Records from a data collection

-*-

Lemma bounded01 (f : R -> R) : {within `[0, 1], continuous f} ->
  exists M : R, forall s, 0 <= s <= 1 -> `|f s| <= M.
Proof.
move=> f_cont.
have [c1 _ f_max] := EVT_max (@ler01 R) f_cont.
have [c2 _ f_min] := EVT_min (@ler01 R) f_cont.
exists (`|f c1| + `|f c2|) => s s01.
have s01' : s \in `[0, 1]%R by rewrite in_itv /=.
have := f_max s s01'; have := f_min s s01'.
have := ler_norm (f c1); have := ler_norm (- f c2); rewrite normrN.
have := normr_ge0 (f c1); have := normr_ge0 (f c2).
rewrite ler_norml; lra.
Qed.

End RealFacts.

Section MeanValueExtension.
Variables (R : realType) (m : nat) (f : R -> R).
Hypothesis m_gt1 : (1 < m)%N.
Let m_gt0 : (0 < m)%N := ltnW m_gt1.
Implicit Types (x : node m) (e d s : R).

Definition bnd_data (y : node m) : R := f (cell_left R y).

Definition mv_ext x : R := limn (fun n => avg_succ bnd_data n x).

Lemma avg_bnd_data_close e d x s n : unif_modulus f e d ->
  (m%:R ^+ size x)^-1 < d ->
  cell_left R x <= s <= cell_left R x + (m%:R ^+ size x)^-1 -> 0 <= s <= 1 ->
  `|avg_succ bnd_data n x - f s| <= e.
Proof.
move=> f_mod width_lt /andP [xs sx] s01; apply: avg_succ_dist_le => // t.
apply/ltW/f_mod => //; first exact: cell_left_in01.
have /andP [xt tx] := cell_left_cat_in_cell R m_gt0 x t.
by apply: le_lt_trans width_lt; rewrite ler_distl; apply/andP; split; lra.
Qed.

Hypothesis f_cont : {within `[0, 1], continuous f}.

Lemma mv_ext_cvg x : cvgn (fun n => avg_succ bnd_data n x).
Proof.
apply: cauchy_cvg; apply: cauchy_exP => e e0.
have e20 : 0 < e / 2 by rewrite divr_gt0.
have [d d0 f_mod] := unif_continuous01 f_cont e20.
have [N mN] := inv_expr_lt_eventually m_gt1 d0.
exists (avg_succ bnd_data N x), N => // n /= Nn.
rewrite /ball /= -(subnKC Nn) distrC -avg_succ_comp -avg_succB.
rewrite -[X in `|X|]subr0; apply: le_lt_trans (_ : _ <= e / 2) _; last first.
  by rewrite ltr_pdivrMr // ltr_pMr // ltr1n.
apply: avg_succ_dist_le => // t; rewrite subr0.
apply: (avg_bnd_data_close _ f_mod); last exact: cell_left_in01.
  by rewrite size_cat size_tuple; apply: mN; rewrite leq_addl.
by rewrite lexx lerDl invr_ge0 exprn_ge0 ?ler0n.
Qed.

Lemma mv_ext_close e d x s : unif_modulus f e d -> (m%:R ^+ size x)^-1 < d ->
  cell_left R x <= s <= cell_left R x + (m%:R ^+ size x)^-1 -> 0 <= s <= 1 ->
  `|mv_ext x - f s| <= e.
Proof.
move=> f_mod width_lt xs s01; rewrite /mv_ext; apply: limn_dist_le; first exact: mv_ext_cvg.
by move=> n; apply: (avg_bnd_data_close _ f_mod).
Qed.

Lemma mv_ext_bounded (M : R) x :
  (forall s, 0 <= s <= 1 -> `|f s| <= M) -> `|mv_ext x| <= M.
Proof.
move=> fM; rewrite -[mv_ext x]subr0 /mv_ext; apply: limn_dist_le; first exact: mv_ext_cvg.
move=> n; apply: avg_succ_dist_le => // t; rewrite subr0; apply: fM.
exact: cell_left_in01.
Qed.

Lemma child_avg_mv_ext x : child_avg mv_ext x = mv_ext x.
Proof.
have avg_cvg : child_avg (avg_succ bnd_data n) x @[n --> \oo] --> child_avg mv_ext x.
  by apply: child_avg_cvg => i; apply: mv_ext_cvg.
have : avg_succ bnd_data n x @[n --> \oo] --> child_avg mv_ext x.
  rewrite -cvg_shiftS; apply: cvg_trans avg_cvg; apply: near_eq_cvg.
  by near=> n; rewrite /= avg_succS.
by move=> /cvg_lim lim_eq; rewrite [RHS]/mv_ext lim_eq.
Unshelve. all: by end_near.
Qed.

End MeanValueExtension.

Section SeriesS.
Variables (R : realType) (m : nat) (beta : R) (h : node m -> R).
Implicit Types (x : node m).

Definition S_coef (k : nat) : R := beta ^+ (k - 1) / (1 - beta) ^+ k.

Lemma S_termE x i : S_term beta h x i = \sum_(j < i) S_coef (i - j) * avg_succ h j x.
Proof. by []. Qed.

Lemma S_partialE x n : S_partial beta h x n = \sum_(i < n) S_term beta h x i.+1.
Proof. by rewrite /S_partial big_add1 /= big_mkord. Qed.

Lemma child_avg_S_term x i :
  child_avg (fun y => S_term beta h y i) x = S_term beta h x i.+1 - S_coef i.+1 * h x.
Proof.
transitivity (\sum_(j < i) S_coef (i - j) * avg_succ h j.+1 x).
  under eq_fun do rewrite S_termE.
  by rewrite child_avg_sum; apply: eq_bigr => j _; rewrite child_avgZ avg_succS.
rewrite S_termE big_ord_recl /= subn0 avg_succ0 addrAC subrr add0r.
by apply: eq_bigr => j _; rewrite /bump /= add1n subSS.
Qed.

Definition S_coef_sum (n : nat) : R := \sum_(i < n) S_coef i.+1.

Lemma child_avg_S_partial x n :
  child_avg (fun y => S_partial beta h y n) x =
  S_partial beta h x n.+1 - h x * S_coef_sum n.+1.
Proof.
under eq_fun do rewrite S_partialE.
rewrite child_avg_sum; under eq_bigr do rewrite child_avg_S_term.
rewrite S_partialE /S_coef_sum big_ord_recl [X in _ * X]big_ord_recl /=.
have -> : S_term beta h x 1 = S_coef 1 * h x.
  by rewrite S_termE big_ord_recl big_ord0 addr0 /= subn0 avg_succ0.
rewrite sumrB mulrDr mulr_sumr.
under [X in _ = _ - (_ + X)]eq_bigr do rewrite mulrC.
ring.
Qed.

Lemma S_coef_sum_cvg : 0 <= beta -> beta < 1 / 2 ->
  S_coef_sum n @[n --> \oo] --> (1 - 2 * beta)^-1.
Proof.
move=> beta_ge0 beta_lt_half.
have b10 : 1 - beta != 0 by apply/eqP => b1; lra.
set r := beta / (1 - beta).
have b1p : 0 < 1 - beta by lra.
have r0 : 0 <= r by rewrite divr_ge0 // ltW.
have r_lt1 : `|r| < 1 by rewrite ger0_norm // ltr_pdivrMr // mul1r; lra.
have -> : S_coef_sum = series (geometric (1 - beta)^-1 r).
  apply/funext => n; rewrite /series /S_coef_sum /= big_mkord; apply: eq_bigr => i _.
  rewrite /S_coef subSS subn0 /r exprMn exprVn exprS; field.
  by rewrite b10 expf_neq0.
have -> : (1 - 2 * beta)^-1 = (1 - beta)^-1 * (1 - r)^-1.
  by rewrite /r; field; rewrite b10 /=; apply/eqP => b; lra.
exact: cvg_geometric_series.
Qed.

Lemma child_avg_S_val x : 0 <= beta -> beta < 1 / 2 -> (forall y, S_conv beta h y) ->
  child_avg (S_val beta h) x = S_val beta h x - h x * (1 - 2 * beta)^-1.
Proof.
move=> beta_ge0 beta_lt_half S_cvg.
have lhs : child_avg (fun y => S_partial beta h y n) x @[n --> \oo] -->
    child_avg (S_val beta h) x.
  by apply: child_avg_cvg => i; exact: S_cvg.
have rhs : S_partial beta h x n.+1 - h x * S_coef_sum n.+1 @[n --> \oo] -->
    S_val beta h x - h x * (1 - 2 * beta)^-1.
  apply: cvgB; first by rewrite (cvg_shiftS (S_partial beta h x)); exact: S_cvg.
  by apply: cvgMl_tmp; rewrite (cvg_shiftS S_coef_sum); exact: S_coef_sum_cvg.
move: lhs; rewrite (_ : (fun n => _) = fun n =>
    S_partial beta h x n.+1 - h x * S_coef_sum n.+1); last first.
  by apply/funext => n; rewrite child_avg_S_partial.
by move=> lhs; exact: cvg_unique lhs rhs.
Qed.

End SeriesS.

Lemma weighted_sum_rec (R : realType) (r : R) (g : nat -> R) k :
  \sum_(1 <= j < k.+2) r ^+ (k.+1 - j) * g j =
  r * \sum_(1 <= j < k.+1) r ^+ (k - j) * g j + g k.+1.
Proof.
rewrite big_nat_recr //= subnn expr0 mul1r; congr (_ + _).
rewrite mulr_sumr; apply: eq_big_nat => j /andP [_ jk].
by rewrite subSn // exprS mulrA.
Qed.

Lemma geometric_weights_sum (R : realType) (r : R) k :
  (1 - r) * \sum_(1 <= j < k.+1) r ^+ (k - j) = 1 - r ^+ k.
Proof.
elim: k => [|k IH]; first by rewrite big_geq // mulr0 expr0 subrr.
have := weighted_sum_rec r (fun _ => 1) k.
under eq_bigr do rewrite mulr1; under [in RHS]eq_bigr do rewrite mulr1.
by move=> ->; rewrite mulrDr mulr1 mulrCA IH exprS; ring.
Qed.

Section PathSums.
Variables (R : realType) (m : nat).
Hypothesis m_gt0 : (0 < m)%N.
Implicit Types (r beta : R) (D E : node m -> R) (x : node m).

Definition path_sum r D x : R :=
  \sum_(1 <= j < (size x).+1) r ^+ (size x - j) * D (take j x).

Lemma path_sum_rcons r D x i :
  path_sum r D (rcons x i) = r * path_sum r D x + D (rcons x i).
Proof.
rewrite /path_sum size_rcons weighted_sum_rec.
congr (_ * _ + _); last by rewrite -(size_rcons x i) take_size.
apply: eq_big_nat => j /andP [_ jx].
by rewrite -cats1 takel_cat.
Qed.

Lemma path_sum_lin r (a b : R) D E x :
  path_sum r (fun y => a * D y + b * E y) x = a * path_sum r D x + b * path_sum r E x.
Proof. by rewrite /path_sum !mulr_sumr -big_split /=; apply: eq_bigr => j _; ring. Qed.

Lemma path_sum_S_le_S_sup beta (h : node m -> R) x :
  `|path_sum (beta / (1 - beta)) (S_val beta h) x| <= S_sup beta h (size x).
Proof.
exact: (le_bigmax 0 (fun t : (size x).-tuple 'I_m => `|\sum_(1 <= j < (size x).+1)
   (beta / (1 - beta)) ^+ (size x - j) * S_val beta h (anc (tval t) j)|) (in_tuple x)).
Qed.

(* With r = beta / (1 - beta), the weight r at the parent exactly compensates the
   drift beta of L, so L (path_sum r D) only sees D - child_avg D. *)
Lemma Lop_path_sum beta D E x i : beta != 1 ->
  child_avg D (rcons x i) = D (rcons x i) - E (rcons x i) ->
  Lop beta (path_sum (beta / (1 - beta)) D) (rcons x i) = (1 - beta) * E (rcons x i).
Proof.
move=> beta_neq1 DE; set r := beta / (1 - beta).
have b10 : 1 - beta != 0 by rewrite subr_eq0 eq_sym.
rewrite Lop_rcons.
have -> : child_avg (path_sum r D) (rcons x i) =
    r * path_sum r D (rcons x i) + child_avg D (rcons x i).
  rewrite (@eq_child_avg _ _ _ (fun y => r * path_sum r D (rcons x i) + D y)).
    by rewrite child_avgD child_avg_cst.
  by move=> j; rewrite path_sum_rcons.
by rewrite DE !path_sum_rcons /r; field; rewrite b10.
Qed.

Lemma Lop_geometric_rcons beta x i : beta != 1 ->
  Lop beta (fun y => (beta / (1 - beta)) ^+ size y) (rcons x i) = 0.
Proof.
move=> beta_neq1; have b10 : 1 - beta != 0 by rewrite subr_eq0 eq_sym.
rewrite Lop_rcons (@eq_child_avg _ _ _ (fun=> (beta / (1 - beta)) ^+ (size x).+2)).
  by rewrite child_avg_cst // size_rcons !exprS; field; rewrite b10.
by move=> j; rewrite !size_rcons.
Qed.

Lemma Lop_geometric_nil beta :
  Lop beta (fun y : node m => (beta / (1 - beta)) ^+ size y) [::] = 1 - beta / (1 - beta).
Proof.
rewrite Lop_nil (@eq_child_avg _ _ _ (fun=> (beta / (1 - beta)) ^+ 1)).
  by rewrite child_avg_cst // expr1 expr0.
by move=> j; rewrite size_rcons.
Qed.

End PathSums.

Lemma geometric_weighted_sum_le (R : realType) (r e B : R) k N0 (E : nat -> R) :
  0 <= r -> r <= 1 -> (1 <= N0)%N -> (N0 <= k)%N -> 0 <= e ->
  (forall j, (j <= k)%N -> 0 <= E j <= B) ->
  (forall j, (N0 <= j)%N -> (j <= k)%N -> E j <= e) ->
  \sum_(1 <= j < k.+1) (1 - r) * r ^+ (k - j) * E j <= e + N0%:R * B * r ^+ (k - N0).
Proof.
move=> r0 r1 N0_gt0 N0k e0 EB Ee.
have r1' : 0 <= 1 - r by lra.
have B0 : 0 <= B by have /andP [/le_trans] := EB 0%N (leq0n _); apply.
apply: (@le_trans _ _ (\sum_(1 <= j < k.+1)
   (e * ((1 - r) * r ^+ (k - j)) + (j < N0)%N%:R * (B * r ^+ (k - N0))))).
  apply: ler_sum_nat => j /andP [_ jk]; rewrite ltnS in jk.
  have /andP [Ej0 EjB] := EB j jk.
  have w0 : 0 <= (1 - r) * r ^+ (k - j) by rewrite mulr_ge0 // exprn_ge0.
  case: (ltnP j N0) => jN0 /=.
    rewrite mul1r -[X in X <= _]add0r; apply: lerD; first exact: mulr_ge0.
    rewrite [leRHS]mulrC -[leRHS]mul1r -mulrA; apply: ler_pM => //.
      by rewrite mulr_ge0 // exprn_ge0.
      by lra.
    apply: ler_pM => //; first by rewrite exprn_ge0.
    by apply: ler_wiXn2l => //; apply: leq_sub2l; apply: ltnW.
  by rewrite mul0r addr0 [leRHS]mulrC ler_wpM2l // Ee.
rewrite big_split /= -mulr_sumr -mulr_suml; apply: lerD.
  by rewrite -[leRHS]mulr1 ler_wpM2l // -mulr_sumr geometric_weights_sum lerBlDr lerDl exprn_ge0.
rewrite mulrA ler_wpM2r ?exprn_ge0 // ler_wpM2r //.
rewrite (big_cat_nat (n := N0)) //=; last exact: leq_trans N0k _.
rewrite [X in _ + X]big_nat_cond [X in _ + X]big1; last first.
  by move=> j /andP [/andP [jN0 _] _]; rewrite ltnNge jN0.
rewrite addr0 (eq_big_nat _ _ (F2 := fun _ => 1)); last by move=> j /andP [_ ->].
by rewrite sumr_const_nat ler_nat leq_subr.
Qed.

Section Dirichlet.
Variables (R : realType) (m : nat) (beta : R) (h : node m -> R) (f : R -> R).
Hypothesis m_gt1 : (1 < m)%N.
Let m_gt0 : (0 < m)%N := ltnW m_gt1.
Hypothesis f_cont : {within `[0, 1], continuous f}.
Hypotheses (beta_ge0 : 0 <= beta) (beta_lt_half : beta < 1 / 2).
Let r := beta / (1 - beta).

Let beta_lt1 : 0 < 1 - beta. Proof. by move: beta_lt_half; lra. Qed.
Let r_ge0 : 0 <= r. Proof. exact: divr_ge0 beta_ge0 (ltW beta_lt1). Qed.
Let r_lt1 : r < 1.
Proof. by rewrite ltr_pdivrMr // mul1r; move: beta_lt_half; lra. Qed.

Lemma path_avg_mv_ext_close (e d M : R) N0 (x : node m) (z : branch m) :
  unif_modulus f e d -> (forall s, 0 <= s <= 1 -> `|f s| <= M) ->
  (forall n, (N0 <= n)%N -> (m%:R ^+ n)^-1 < d) ->
  (1 <= N0)%N -> (N0 <= size x)%N -> passes z x -> 0 <= e ->
  `|(1 - r) * path_sum r (mv_ext f) x - (1 - r ^+ size x) * f (psi R z)|
    <= e + N0%:R * (2 * M) * r ^+ (size x - N0).
Proof.
move=> f_mod fM mN0 N0_gt0 N0x zx e0; set k := size x; set t := psi R z.
have -> : (1 - r) * path_sum r (mv_ext f) x - (1 - r ^+ k) * f t =
    \sum_(1 <= j < k.+1) (1 - r) * r ^+ (k - j) * (mv_ext f (take j x) - f t).
  rewrite -geometric_weights_sum /path_sum -/k !mulr_sumr mulr_suml -sumrB.
  by apply: eq_bigr => j _; ring.
apply: le_trans (ler_norm_sum _ _ _) _.
have w0 j : 0 <= (1 - r) * r ^+ (k - j) by rewrite mulr_ge0 ?exprn_ge0 // subr_ge0 ltW.
under eq_bigr => j _ do rewrite normrM (ger0_norm (w0 j)).
have t01 := psi_in01 R m_gt0 z.
apply: geometric_weighted_sum_le => //; first exact: ltW.
  move=> j jk; rewrite normr_ge0 /= (le_trans (ler_normB _ _)) // mulr2n mulrDl mul1r.
  by apply: lerD; [exact: mv_ext_bounded | exact: fM].
move=> j N0j jk; have zj := passes_take zx jk.
apply: (mv_ext_close m_gt1 f_cont f_mod) => //; last exact: psi_in_cell.
by rewrite size_takel //; apply: mN0.
Qed.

-*-

From the entries above, give again exactly the lines running from the line with "S_partial beta h x n.+1 - h x * S_coef_sum n.+1." to the line with "move=> beta_ge0 beta_lt_half S_cvg."; include both of those lines.

  S_partial beta h x n.+1 - h x * S_coef_sum n.+1.
Proof.
under eq_fun do rewrite S_partialE.
rewrite child_avg_sum; under eq_bigr do rewrite child_avg_S_term.
rewrite S_partialE /S_coef_sum big_ord_recl [X in _ * X]big_ord_recl /=.
have -> : S_term beta h x 1 = S_coef 1 * h x.
  by rewrite S_termE big_ord_recl big_ord0 addr0 /= subn0 avg_succ0.
rewrite sumrB mulrDr mulr_sumr.
under [X in _ = _ - (_ + X)]eq_bigr do rewrite mulrC.
ring.
Qed.

Lemma S_coef_sum_cvg : 0 <= beta -> beta < 1 / 2 ->
  S_coef_sum n @[n --> \oo] --> (1 - 2 * beta)^-1.
Proof.
move=> beta_ge0 beta_lt_half.
have b10 : 1 - beta != 0 by apply/eqP => b1; lra.
set r := beta / (1 - beta).
have b1p : 0 < 1 - beta by lra.
have r0 : 0 <= r by rewrite divr_ge0 // ltW.
have r_lt1 : `|r| < 1 by rewrite ger0_norm // ltr_pdivrMr // mul1r; lra.
have -> : S_coef_sum = series (geometric (1 - beta)^-1 r).
  apply/funext => n; rewrite /series /S_coef_sum /= big_mkord; apply: eq_bigr => i _.
  rewrite /S_coef subSS subn0 /r exprMn exprVn exprS; field.
  by rewrite b10 expf_neq0.
have -> : (1 - 2 * beta)^-1 = (1 - beta)^-1 * (1 - r)^-1.
  by rewrite /r; field; rewrite b10 /=; apply/eqP => b; lra.
exact: cvg_geometric_series.
Qed.

Lemma child_avg_S_val x : 0 <= beta -> beta < 1 / 2 -> (forall y, S_conv beta h y) ->
  child_avg (S_val beta h) x = S_val beta h x - h x * (1 - 2 * beta)^-1.
Proof.
move=> beta_ge0 beta_lt_half S_cvg.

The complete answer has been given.